The 36-year-old Ejiofor also felt a big responsibility in portraying the real-life story of Solomon Northup, told through his 1853 memoir. Northup was a free black man and musician in New York who is tricked and sold into slavery in 1841 and sent to Louisiana plantations for 12 years.
Ejiofor got his first big break in film in 1996 from Steven Spielberg, who cast him in the slave ship tale “Amistad.” The versatile actor has since split his time between film, television and the stage in Britain, where he has won awards for performances like his title role in “Othello.”
Once Ejiofor said yes to McQueen, he went into preparation mode, learning to play the violin and immersing himself in Louisiana plantation culture.
“The plantations are beautiful, amazing places. And Louisiana is extraordinary, it’s alive, and the bayou and the swamps and the plantations and the trees,” he said.
“And within all that,” he added, “there is this other world – this deep darkness in the way we’re treating each other. The place was very informative.
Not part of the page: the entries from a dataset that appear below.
(* Let $l\ge1$ and let $(X_l,M_l),\dots,(X_1,M_1)$ be transformation monoids. Then the wreath product monoid $M_l\circ\cdots\circ M_1$ embeds (as a monoid) in $\mathrm{Ell}(r_0,T(|X_l|,\dots,|X_1|))$.
   Context: A transformation monoid $(X,M)$ is a nonempty set $X$ with a submonoid $M$ of the monoid of all full transformations of $X$ (maps written on the right). For $X=X_l\times\cdots\times X_1$ and $i\le l$, $\pi_i$ is the projection onto $X_i$. A full transformation $\varphi$ of $X$ is sequential if for every $i$, elements with the same last $i$ components have images with the same last $i$ components. Given $(a_{i-1},\dots,a_1)$, the local map $(\cdot,a_{i-1},\dots,a_1)\varphi\pi_i:X_i\to X_i$ sends $x$ to the $i$-th component of $(\dots,x,a_{i-1},\dots,a_1)\varphi$ (well defined by sequentiality). The wreath product $M_l\circ\cdots\circ M_1$ is the monoid of all sequential $\varphi$ with $\varphi\pi_1$ (as a map on $X_1$) in $M_1$ and every local map $(\cdot,a_{i-1},\dots,a_1)\varphi\pi_i$ in $M_i$. $\mathrm{Ell}(r_0,T)$ is the monoid of depth-preserving, distance-non-increasing self-maps of the vertex set of the rooted tree $(r_0,T)$ (depth = distance to $r_0$). $T(n_l,\dots,n_1)$ is the rooted tree of depth $l$ in which each vertex of depth $i-1$ has exactly $n_i$ sons. *)

From mathcomp Require Import all_boot.
Set Implicit Arguments. Unset Strict Implicit. Unset Printing Implicit Defensive.

Definition is_tmonoid (Y : Type) (M : (Y -> Y) -> Prop) : Prop :=
  M id /\ (forall f g, M f -> M g -> M (f \o g)).

(* Component i : 'I_l (0-based) is the factor X_{i+1}; "the last k
   components" are the components with index < k. *)
Definition point (l : nat) (X : 'I_l -> Type) : Type := forall i : 'I_l, X i.

Definition sequential (l : nat) (X : 'I_l -> Type)
    (phi : point X -> point X) : Prop :=
  forall (i : 'I_l) (x y : point X),
    (forall j : 'I_l, j <= i -> x j = y j) ->
    forall j : 'I_l, j <= i -> phi x j = phi y j.

(* Wreath product M_l o ... o M_1: sequential phi all of whose local maps
   (., a_{i-1}, ..., a_1) phi pi_i lie in M_i.  The local map at level i with
   lower coordinates those of z is the map m with phi(y)_i = m(y_i) for all y
   agreeing with z below i. *)
Definition in_wreath (l : nat) (X : 'I_l -> Type)
    (M : forall i : 'I_l, (X i -> X i) -> Prop)
    (phi : point X -> point X) : Prop :=
  sequential phi /\
  forall (i : 'I_l) (z : point X),
    exists2 m : X i -> X i, M i m &
      forall y : point X, (forall j : 'I_l, j < i -> y j = z j) ->
        phi y i = m (y i).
It helped me understand the world that he was going into.”
‘ALL ABOUT HIS EYES’
Ejiofor’s challenge, however, was to portray a man who could not fathom the cruel depths of that world and couldn’t believe the twist of fate that took him away from his comfortable life and family up north, where Solomon was a respected man in the community.
He said he had to see the film like a “fairy tale” – one in which he had to ignore all his knowledge of the slave trade and its repercussions. He himself is Igbo, a West African ethnic group that was a major source of slaves to the American South.
It was like “Alice in Wonderland,” Ejiofor said. “You go down the rabbit hole and you are in this other world.”
Solomon learns to keep quiet about his education and his condition as a former free man, lest he be seen as a threat to masters. He watches with disbelief the separation of mothers and children in the selling of slaves. And for years he tries to protect a young slave from the whippings, rape and psychological torture at the hands of their evil master, played by Michael Fassbender, who is tortured himself by his love for the girl.
That’s where Ejiofor’s eyes came into play.
“We talked a lot about silent movie stars, we talked about Valentino and Buster Keaton and the face because he has to communicate a lot without any words,” said McQueen. “Basically it was all about his eyes.”
And in those eyes, McQueen said, “the audience is seeing a mirror.”
In the midst of the awards buzz around “12 Years a Slave,” Ejiofor and McQueen say they are just happy that the film came to fruition and that people have taken a strong interest in it.
“To tell someone the story is one of the most deeply enriching experiences that I have ever had as a performer or an actor. And I don’t really want to distract from that,” Ejiofor said.
“People should watch the film with their own eyes and see if it correlates to their experience or doesn’t.”